Sözlerimi Fransız düşünürü ve felsefecisi Jean Paul Sartre’ın yine bir Fransız aydını olan ve sefil ve kahpe Fransa’nın Müslüman Cezayir’de ki zulümlerine ve soykırımına tahammül edemeyerek Cezayir’e giden ve Müslümanların saflarına katılarak kendi ülkesine karşı savaşan ve şehit olan ve cenazesi Fransız teröristlerin muhasara altına aldığı bir yerde tereyağından kıl çeker gibi, Cezayirli Müslümanlarca gömülen  Frantz Fanon’dan iktibas ettiği şu sözlerle ikmal ediyorum. Lütfen pür dikkat!!!



 

 ‘’Asya’dan, Afrika’dan ve Orta Doğu’dan bazı aydınlar getirin ve kendi geleneklerinizi öğretin. Daha sonra batılı elbiseler içinde bazı eğlence yerlerinde ve kültür merkezlerinde gezdirin. Artık onlar size hayran olacaklar ve sizden ayrılmak istemeyeceklerdir. Bu insanlar kendi ülkelerine gittikleri zaman sizin borazanlarınız olacaklardır. Siz Avrupa’dan hürriyet, eşitlik, çağdaşlaşma kavramlarını söyleyeceksiniz. Onlarda bulundukları yerlerde aynısını tekrar tekrar haykıracaklardır.’’ Frantz Fanon- Yeryüzünün Lanetlileri.

 

 

 

Evet, dostlar, elin oğlu resmimizi nasılda yazıyla bedihi ve sarih olarak izah etmiş. İşler böyle sevgili ve soylu gardaşlarım. Güneş balçıkla sıvanmaz. İşlerin Arap saçına döndüğü bir dönemde tetikte olmak ve gol yememek önemlidir. Horozu çok olan köyün sabahı geç olurmuş. Sabahınız niye gecikiyor anladınız değil mi? Her düşen bir öğrenirmiş tabi zeki ve akıllı ise. Durmakla yol alınmaz, yürümemiz hatta koşmamız iktiza ediyor. Âlem koşuyorken ruy-i zeminde, haydi sende koş sayma yerinde gardaş. Sevgiyle, muhabbetle, dostlukla, umutla kalınız.

 

 

Hedef: Tam Bağımsız Türkiye

 

 Yol: diriliş ve direniş

 

Pusula: maddi ve manevi öz değerler  

            AYRINTILAR:

            1. Vatan borcunu ödemekten imtina edenler vatan korumaya yelteniyorlar ve sefil bir komediye imza atıyorlar. Kendi kurguladıkları pespaye bir senaryonun müptezel birer figüranı oluyorlar. Ama millet yerse tabi!

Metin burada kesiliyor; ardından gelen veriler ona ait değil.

Lemma radius_ge (f : Cplx -> Cplx) (a : nat -> Cplx) :
  (forall z, Cnorm z < 1 -> Cseries_sum a z (f z)) ->
  forall b : nat -> R, (forall n, Rabs (b n) <= Cnorm (a n)) ->
  forall x, Rabs x < 1 -> Rbar_lt (Rabs x) (CV_radius b).
Proof.
  intros Hs b Hb x Hx.
  set (rho := (Rabs x + 1) / 2).
  assert (Hr : 0 <= rho < 1) by (pose proof (Rabs_pos x); unfold rho; lra).
  destruct (terms_bounded f a Hs rho Hr) as [K HK].
  assert (HE : Rbar_le rho (CV_radius b)).
  { apply (proj1 (CV_radius_bounded b)). exists K. intros n.
    rewrite Rabs_mult, <- RPow_abs, (Rabs_pos_eq rho) by lra.
    eapply Rle_trans; [|apply (HK n)]. apply Rmult_le_compat_r; [apply pow_le; lra|apply Hb]. }
  destruct (CV_radius b) as [r| |]; simpl in *; auto; unfold rho in HE; lra.
Qed.

Lemma is_pseries_rsum b t l : is_pseries b t l <-> Un_cv (rsum (fun k => b k * t ^ k)) l.
Proof.
  assert (E : forall n, scal (pow_n t n) (b n) = b n * t ^ n).
  { intros n. rewrite pow_n_pow. apply Rmult_comm. }
  unfold is_pseries. split; intros H.
  - apply inf_Un_cv_rsum, is_series_Reals. exact (is_series_ext _ _ _ E H).
  - apply Un_cv_rsum_inf, is_series_Reals in H.
    exact (is_series_ext _ _ _ (fun n => eq_sym (E n)) H).
Qed.

Lemma derive_is_pseries (b : nat -> R) (phi : R -> R) r l :
  Rabs r < 1 -> (forall t, Rabs t < 1 -> PSeries b t = phi t) ->
  Rbar_lt (Rabs r) (CV_radius b) -> is_derive phi r l -> is_pseries (PS_derive b) r l.
Proof.
  intros Hr Heq Hrad Hd. apply Rabs_def2 in Hr.
  assert (H1 : is_derive phi r (PSeries (PS_derive b) r)).
  { eapply is_derive_ext_loc; [|apply is_derive_PSeries; exact Hrad].
    apply (locally_interval _ r (-1) 1); simpl; try lra.
    intros y H1 H2. apply Heq, Rabs_def1; lra. }
  rewrite <- (is_derive_unique _ _ _ Hd), (is_derive_unique _ _ _ H1).
  apply PSeries_correct, ex_pseries_derive, Hrad.
Qed.

Lemma rsum_derive (b : nat -> R) r N :
  rsum (fun k => INR k * b k * r ^ k) (S N) = r * rsum (fun k => PS_derive b k * r ^ k) N.
Proof.
  induction N as [|N IH]; [simpl; ring|].
  change (rsum (fun k => INR k * b k * r ^ k) (S N) + INR (S N) * b (S N) * r ^ S N
          = r * (rsum (fun k => PS_derive b k * r ^ k) N + PS_derive b N * r ^ N)).
  rewrite IH. unfold PS_derive. simpl. ring.
Qed.

(* The real version of z f'(z) - f(z) = Σ (n-1) a_n z^n. *)
Lemma real_g_series (b : nat -> R) (phi : R -> R) r l :
  Rabs r < 1 -> (forall t, Rabs t < 1 -> PSeries b t = phi t) ->
  Rbar_lt (Rabs r) (CV_radius b) -> is_derive phi r l ->
  Un_cv (rsum (fun k => (INR k - 1) * b k * r ^ k)) (r * l - phi r).
Proof.
  intros Hr Heq Hrad Hd.
  pose proof (proj1 (is_pseries_rsum _ _ _) (derive_is_pseries b phi r l Hr Heq Hrad Hd)) as Hder.
  assert (Hval : Un_cv (rsum (fun k => b k * r ^ k)) (phi r)).
  { rewrite <- (Heq r Hr). apply is_pseries_rsum, PSeries_correct, CV_radius_inside, Hrad. }
  assert (Hconst : Un_cv (fun _ => r) r).
  { intros eps He. exists O. intros. unfold R_dist. rewrite Rminus_diag, Rabs_R0. exact He. }
  assert (Hval' : Un_cv (fun n => rsum (fun k => b k * r ^ k) (S n)) (phi r)).
  { intros eps He. destruct (Hval eps He) as [N HN]. exists N. intros n Hn. apply HN. lia. }
  pose proof (CV_minus _ _ _ _ (CV_mult _ _ _ _ Hconst Hder) Hval') as H.
  intros eps He. destruct (H eps He) as [N HN]. exists (S N). intros [|n] Hn; [lia|].
  specialize (HN n ltac:(lia)). rewrite <- rsum_derive in HN.
  replace (rsum (fun k => (INR k - 1) * b k * r ^ k) (S n))
    with (rsum (fun k => INR k * b k * r ^ k) (S n) - rsum (fun k => b k * r ^ k) (S n));
    [exact HN|].
  clear. induction (S n) as [|m IH]; simpl; [ring|]. rewrite <- IH. ring.
Qed.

         2. Duayen siyasetçilerden Prof. Dr. Necmettin Erbakan Cumhurbaşkanımız Abdullah Gül tarafından dünyalık afla özgürlüğüne mülaki oldu ya kargalar gaklamaya başlamışlar, izbe yuvalarından. Siyasetini beğenin beğenmeyin bu siyasi şahsiyet asla maddi ve manevi değerlere ihanet etmiş biri değildir. Asla asil Mehmetçiğe kurşun sıkılsın, teşkilatın soylu neferleri bombalansın, tinerciler ortalığı kasıp kavursun, ayyaşlar, teröristler, küresel teröristlerin yerli köpekleri meydanı doldursun dememiştir. Binaenaleyh özgürlük en doğal hakkıdır ve iadei itibar yapılmıştır. BEHİÇ KILIÇ’IN dünkü yazısını okumanızı salık veririm. Ki bu siyasi şahsiyeti bendenizde tenkit etmektedir bazı yönleriyle. Yani bir savunu yapmıyorum. Hakkın ve hukukun yanındayım. Şimdi bu insana yapılan karaktersizce tavırlar, niye orduya, teşkilata, devlete, millete vs ulvi değerlere kurşun sıkanlar affedilirken dut yemiş bülbül gibiydi diye sormazlar mı adama? Tabi haysiyet ve idrak yoksunu oldukları için anlamazlar.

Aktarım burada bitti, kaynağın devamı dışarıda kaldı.